El Nigromante se acercó para contemplar lo que había traído el szish.
—Haiass –murmuró–. Es una pena.
La magnífica espada mágica que había empuñado Kirtash, que encerraba todo el poder del hielo en su mortífero filo, ahora no era más que un vulgar acero. Aquel destello blanco-azulado que la había caracterizado, y que sugería la fuerza mística que atesoraba, se había apagado, tal vez para siempre.
Zeshak había enrollado su largo cuerpo y había apoyado la cabeza sobre sus anillos, y contemplaba a Ashran con gesto desinteresado.
«Jamás debería haber sido forjada», opinó. «Es un error entregar a un humano un arma que contiene el poder de los sheks y, por otro lado, tampoco nosotros necesitamos esas ridículas espadas humanas».

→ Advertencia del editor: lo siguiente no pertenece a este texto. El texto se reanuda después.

(* Let $m\in\mathbb{N}$, $A=\langle a\rangle\le\mathrm{Sym}(3)$ with $a=(1\,2\,3)$, $B=(\mathbb{Z}/3\mathbb{Z})^m$, and let $\omega=\omega_0\omega_1\dots$ be a sequence of epimorphisms $\omega_i\colon B\to A$ with $\bigcap_{i\ge k}\ker(\omega_i)=\{1\}$ for all $k\in\mathbb{N}$. Let $g\in G_\omega$ with $|g|_\omega=n\ge 1$, written as $g=\beta_1^{a^{c_1}}\beta_2^{a^{c_2}}\cdots\beta_n^{a^{c_n}}a^{s}$ with $s\in\mathbb{Z}/3\mathbb{Z}$, $\beta\colon\{1,\dots,n\}\to B_\omega$ and $c\colon\{1,\dots,n\}\to\mathbb{Z}/3\mathbb{Z}$. If $g\in\mathcal{I}_\infty^\omega$, then there exists $m_c\in\{1,2,\dots,n\}$ such that for all $k\in\{1,\dots,n-1\}$, $c_{k+1}-c_k=2$ if $k<m_c$ and $c_{k+1}-c_k=1$ if $k\ge m_c$.
   Context: $T_3$ is the $3$-regular rooted tree; elements of $\mathrm{Sym}(3)$ act as rooted automorphisms $\tau(xw)=\tau(x)w$; for $g$ fixing the first level, $g=(g_1,g_2,g_3)$ lists the restrictions of $g$ to the three subtrees below the root, and every automorphism is uniquely $(g_1,g_2,g_3)\tau$ with $\tau\in\mathrm{Sym}(3)$. For $b\in B_\omega$ and $i\in\mathbb{Z}/3\mathbb{Z}$, $b^{a^i}=a^iba^{-i}$. Let $\sigma$ be the left shift on sequences. Define recursively $\beta_\omega\colon B\to\mathrm{Aut}(T_3)$ by $\beta_\omega(b)=(\omega_0(b),1,\beta_{\sigma(\omega)}(b))$, $B_\omega=\beta_\omega(B)$, $G_\omega=\langle A,B_\omega\rangle$. The word pseudonorm $|\cdot|_\omega$ on $G_\omega$ gives length $0$ to elements of $A$ and length $1$ to nontrivial elements of $B_\omega$ ($|g|_\omega$ = minimal total length of an expression of $g$ as a product of such generators). Incompressible elements: $\mathcal{I}_0^{\sigma^\nu(\omega)}=G_{\sigma^\nu(\omega)}$; $\mathcal{I}_k^{\sigma^\nu(\omega)}$ is the set of $g=(g_1,g_2,g_3)\tau\in G_{\sigma^\nu(\omega)}$ with $g_i\in\mathcal{I}_{k-1}^{\sigma^{\nu+1}(\omega)}$ and $\sum_i|g_i|_{\sigma^{\nu+1}(\omega)}=|g|_{\sigma^\nu(\omega)}$; $\mathcal{I}_\infty^\omega=\bigcap_{k\ge1}\mathcal{I}_k^\omega$. *)

From mathcomp Require Import all_boot all_order all_algebra all_fingroup.
From Stdlib Require Import ClassicalEpsilon.
Set Implicit Arguments. Unset Strict Implicit. Unset Printing Implicit Defensive.
Import GRing.Theory.
Local Open Scope ring_scope.

(* Vertices of the 3-regular rooted tree T_3: finite words over the alphabet
   {1,2,3}, encoded as 'Z_3 = {0,1,2} (letter i+1 is encoded by i). *)
Definition vtx := seq 'Z_3.

(* Automorphisms are represented as functions vtx -> vtx; products are
   compositions with LEFT actions: (g h) w = g (h w). *)
Definition fid : vtx -> vtx := fun w => w.
Definition prodw (fs : seq (vtx -> vtx)) : vtx -> vtx :=
  foldr (fun f acc => f \o acc) fid fs.

(* The group A = <a>, a = (1 2 3): the element a^k (k : 'Z_3) is the rooted
   automorphism x w |-> (x + k) w. *)
Definition apow (k : 'Z_3) (w : vtx) : vtx :=
  if w is x :: w' then (x + k) :: w' else [::].

(* b^{a^i} = a^i b a^{-i} *)
Definition conjA (i : 'Z_3) (f : vtx -> vtx) : vtx -> vtx :=
  apow i \o f \o apow (- i).

(* B = (Z/3Z)^m, written additively as row vectors.  A sequence
   omega = omega_0 omega_1 ... of maps B -> A is encoded as
   omega : nat -> B -> 'Z_3, where the value k stands for a^k. *)
Definition Bm (m : nat) := 'rV['Z_3]_m.
Definition seqom (m : nat) := nat -> Bm m -> 'Z_3.

Definition shift m (om : seqom m) : seqom m := fun i => om i.+1.

(* beta_omega(b) = (omega_0(b), 1, beta_{sigma omega}(b)) *)
Fixpoint beta m (om : seqom m) (b : Bm m) (w : vtx) {struct w} : vtx :=
  match w with
  | [::] => [::]
  | y :: w' =>
      if y == 0 then y :: apow (om 0%N b) w'
      else if y == 1 then y :: w'
      else y :: beta (shift om) b w'
  end.

(* Generators of G_omega = <A, B_omega>: elements of A (inl k = a^k) and
   elements of B_omega (inr b = beta_omega(b)). *)
Definition gen m := ('Z_3 + Bm m)%type.

Definition evalgen m (om : seqom m) (x : gen m) : vtx -> vtx :=
  match x with inl k => apow k | inr b => beta om b end.

Definition evalw m (om : seqom m) (l : seq (gen m)) : vtx -> vtx :=
  prodw (map (evalgen om) l).

Definition gencost m (om : seqom m) (x : gen m) : nat :=
  match x with
  | inl _ => 0%N
  | inr b => if excluded_middle_informative (beta om b =1 fid) then 0%N else 1%N
  end.

Definition costw m (om : seqom m) (l : seq (gen m)) : nat :=
  sumn (map (gencost om) l).

Definition inG m (om : seqom m) (g : vtx -> vtx) : Prop :=
  exists l, evalw om l =1 g.

Definition wnorm m (om : seqom m) (g : vtx -> vtx) (n : nat) : Prop :=
  (exists l, evalw om l =1 g /\ costw om l = n) /\
  (forall l, evalw om l =1 g -> (n <= costw om l)%N).

(* Incompressible elements I_k^omega.  g = (g_1,g_2,g_3) tau means
   g (x w) = tau(x) g_{tau(x)}(w). *)
Fixpoint Icomp m (k : nat) (om : seqom m) (g : vtx -> vtx) : Prop :=
  match k with
  | 0%N => inG om g
  | k'.+1 =>
      inG om g /\
      exists (gs : 'Z_3 -> vtx -> vtx) (tau : {perm 'Z_3})
             (ns : 'Z_3 -> nat) (n : nat),
        (forall x w, g (x :: w) = tau x :: gs (tau x) w) /\
        (forall i, Icomp k' (shift om) (gs i)) /\
        (forall i, wnorm (shift om) (gs i) (ns i)) /\
        wnorm om g n /\
        (\sum_(i : 'Z_3) ns i)%N = n
  end.

Definition Iinf m (om : seqom m) (g : vtx -> vtx) : Prop :=
  forall k, (1 <= k)%N -> Icomp k om g.

From mathcomp Require Import all_boot all_order all_algebra all_fingroup.
From mathcomp Require Import zify.
Set Implicit Arguments. Unset Strict Implicit. Unset Printing Implicit Defensive.
Import GRing.Theory.
Local Open Scope ring_scope.

(** The sections of
    [g] at the three first-level vertices are read off letter by letter from
    the decomposition of [g]: at the vertex [p], the factor [b_k^(a^(c_k))]
    contributes a letter of [B] exactly when [p - c_k = 2], and nothing when
    [p - c_k = 1].  These three section words have total cost at most [n],
    so [g] being in [I_1] forces each of them to be geodesic and each [b_k] to
    be nontrivial one level down.  A geodesic word cannot contain two adjacent
    nontrivial letters of [B], since they could be merged into one.  At the
    vertex [c_k + 2] this excludes [c_(k+1) = c_k] (two adjacent letters), and
    it excludes the step [1] followed by the step [2] (the middle factor
    contributes nothing).  Hence the steps [c_(k+1) - c_k] lie in [{1, 2}], and
    once a step is [1] all the following ones are [1]. *)

Lemma Z3_cases (y : 'Z_3) : [\/ y = 0, y = 1 | y = 2].
Proof.
case: y => -[|[|[|//]]] ? /=;
  [constructor 1|constructor 2|constructor 3]; exact/val_inj.
Qed.

Lemma sum_le1_eq_size (I : eqType) (e : I -> nat) (l : seq I) :
  (forall i, e i <= 1)%N -> (\sum_(i <- l) e i = size l)%N ->
  {in l, forall i, e i = 1%N}.
Proof.
move=> le1; elim: l => //= j l IH; rewrite big_cons => sum_eq i.
have sum_le : (\sum_(i <- l) e i <= size l)%N.
  by rewrite -sum1_size; apply: leq_sum => ? _; apply: le1.
rewrite in_cons => /orP[/eqP ->|il]; first by have := le1 j; lia.
by apply: IH il; have := le1 j; lia.
Qed.

Lemma threshold_of_upward_closed (P : pred nat) (n : nat) : (1 <= n)%N ->
  (forall k, (1 <= k)%N -> (k.+2 <= n)%N -> P k -> P k.+1) ->
  exists mc : nat, (1 <= mc <= n)%N /\
    forall k : nat, (1 <= k <= n.-1)%N -> ((k < mc)%N -> ~~ P k) /\ ((mc <= k)%N -> P k).
Proof.
move=> n_ge1 P_up.
pose Q k := [&& (1 <= k)%N, (k < n)%N & P k] || (k == n).
have exQ : exists k, Q k by exists n; rewrite /Q eqxx orbT.
have [mc Qmc mc_min] := ex_minnP exQ.
have mc_le_n : (mc <= n)%N by apply: mc_min; rewrite /Q eqxx orbT.
exists mc; split.
  by apply/andP; split => //; case/orP: Qmc => [/and3P[]|/eqP ->].
move=> k /andP[k_ge1 k_le]; split=> [k_lt_mc|mc_le_k].
  by apply/negP => Pk; have := mc_min k; rewrite /Q k_ge1 Pk /=; lia.
have /and3P[mc_ge1 mc_lt_n Pmc] : [&& (1 <= mc)%N, (mc < n)%N & P mc].
  by case/orP: Qmc => // /eqP mc_n; lia.
elim: k mc_le_k k_ge1 k_le => [|k IH]; first by lia.
rewrite leq_eqVlt => /orP[/eqP <- //|mc_le_k] _ k_le.
by apply: P_up; [lia|lia|apply: IH; lia].
Qed.

Lemma evalw_cat m (om : seqom m) l1 l2 w :
  evalw om (l1 ++ l2) w = evalw om l1 (evalw om l2 w).
Proof. by elim: l1 => //= x l1 IH; rewrite /evalw /= in IH *; rewrite IH. Qed.

Lemma costw_cat m (om : seqom m) l1 l2 :
  costw om (l1 ++ l2) = (costw om l1 + costw om l2)%N.
Proof. by rewrite /costw map_cat sumn_cat. Qed.

Lemma costw_flatten m (om : seqom m) (I : Type) (f : I -> seq (gen m)) l :
  costw om (flatten (map f l)) = (\sum_(i <- l) costw om (f i))%N.
Proof. by elim: l => [|i l IH]; rewrite ?big_nil ?big_cons //= costw_cat IH. Qed.

Lemma gencost_le1 m (om : seqom m) x : (gencost om x <= 1)%N.
Proof. by case: x => //= y; case: ClassicalEpsilon.excluded_middle_informative. Qed.

Lemma apow_comp (k1 k2 : 'Z_3) w : apow k1 (apow k2 w) = apow (k2 + k1) w.
Proof. by case: w => //= x w; rewrite addrA. Qed.

Lemma beta_add m (om : seqom m) :
  (forall i (x y : Bm m), om i (x + y) = om i x + om i y) ->
  forall x y w, beta om (x + y) w = beta om x (beta om y w).
Proof.
move=> om_morph x y w; elim: w om om_morph => //= z w IH om om_morph.
case: ifP => [z0|z_neq0]; first by rewrite /= z0 apow_comp om_morph addrC.
case: ifP => z1; rewrite /= ?z_neq0 ?z1 //.
by rewrite IH // => i; apply: om_morph.
Qed.

Lemma wnorm_uniq m (om : seqom m) f n1 n2 : wnorm om f n1 -> wnorm om f n2 -> n1 = n2.
Proof.
move=> [[l1 [E1 <-]] min1] [[l2 [E2 <-]] min2].
by apply/eqP; rewrite eqn_leq min1 // min2.
Qed.

Lemma eq_wnorm m (om : seqom m) f1 f2 n : f1 =1 f2 -> wnorm om f1 n -> wnorm om f2 n.
Proof.
move=> E [[l [El cost_l]] min_n]; split; first by exists l; split=> // w; rewrite El E.
by move=> l' El'; apply: min_n => w; rewrite El' E.
Qed.

Definition geodesic m (om : seqom m) (l : seq (gen m)) : Prop :=
  wnorm om (evalw om l) (costw om l).

Lemma geodesic_adjacent_beta m (om : seqom m) u (x y : Bm m) v :
  (forall i (x y : Bm m), om i (x + y) = om i x + om i y) ->
  geodesic om (u ++ inr x :: inr y :: v) ->
  (gencost om (inr x) + gencost om (inr y) <= 1)%N.
Proof.
move=> om_morph [_ min_l].
have merged : evalw om (u ++ inr (x + y) :: v) =1 evalw om (u ++ inr x :: inr y :: v).
  by move=> w; rewrite !evalw_cat /evalw /= beta_add.
have := min_l _ merged; have := gencost_le1 om (inr (x + y)).
by rewrite !costw_cat /costw /=; lia.
Qed.

Definition conj_section m (om : seqom m) (c : 'Z_3) (b : Bm m) (p : 'Z_3) :
    seq (gen m) :=
  if p - c == 0 then [:: inl (om 0%N b)] else if p - c == 1 then [::] else [:: inr b].

Lemma conjA_beta_cons m (om : seqom m) c b p w :
  conjA c (beta om b) (p :: w) = p :: evalw (shift om) (conj_section om c b p) w.
Proof. by rewrite /conjA /conj_section /=; do 2?case: ifP => _; rewrite /= subrK. Qed.

Lemma conj_section_add1 m (om : seqom m) c b : conj_section om c b (c + 1) = [::].
Proof. by rewrite /conj_section (addrC c) addrK. Qed.

Lemma conj_section_add2 m (om : seqom m) c b : conj_section om c b (c + 2) = [:: inr b].
Proof. by rewrite /conj_section (addrC c) addrK. Qed.

Lemma sum_costw_conj_section m (om : seqom m) c b :
  (\sum_(p : 'Z_3) costw (shift om) (conj_section om c b p))%N =
  gencost (shift om) (inr b).
Proof.
rewrite (bigD1 (c + 2)) //= conj_section_add2 big1 ?addn0; first by rewrite /costw /= addn0.
move=> p p_neq; rewrite /conj_section.
have [|->|p_eq] := Z3_cases (p - c); [by move=> -> | by [] |].
by move: p_neq; rewrite -p_eq addrC subrK eqxx.
Qed.

Lemma iota_window n k r : (1 <= k)%N -> (k + r <= n.+1)%N ->
  iota 1 n = iota 1 k.-1 ++ iota k r ++ iota (k + r) (n.+1 - (k + r)).
Proof.
move=> k_ge1 kr_le; rewrite -iotaD.
have -> : iota k (r + (n.+1 - (k + r))) = iota (1 + k.-1) (n - k.-1).
  by congr iota; lia.
by rewrite -iotaD; congr iota; lia.
Qed.

Section ConjugateProducts.

Variables (m : nat) (om : seqom m) (b : nat -> Bm m) (c : nat -> 'Z_3).

Definition section_word (l : seq nat) (p : 'Z_3) : seq (gen m) :=
  flatten [seq conj_section om (c i) (b i) p | i <- l].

—Entonces no te pareció tan mala idea –le recordó Ashran. Se volvió hacia una figura que había estado aguardando en silencio, en un rincón en sombras.
—Acércate –le dijo.
Ella lo hizo. Era un hada de belleza salvaje y turbadora, de ojos negros, y largo y suave cabello color aceituna. Ashran le entregó la espada, que ella aceptó con una inclinación de cabeza.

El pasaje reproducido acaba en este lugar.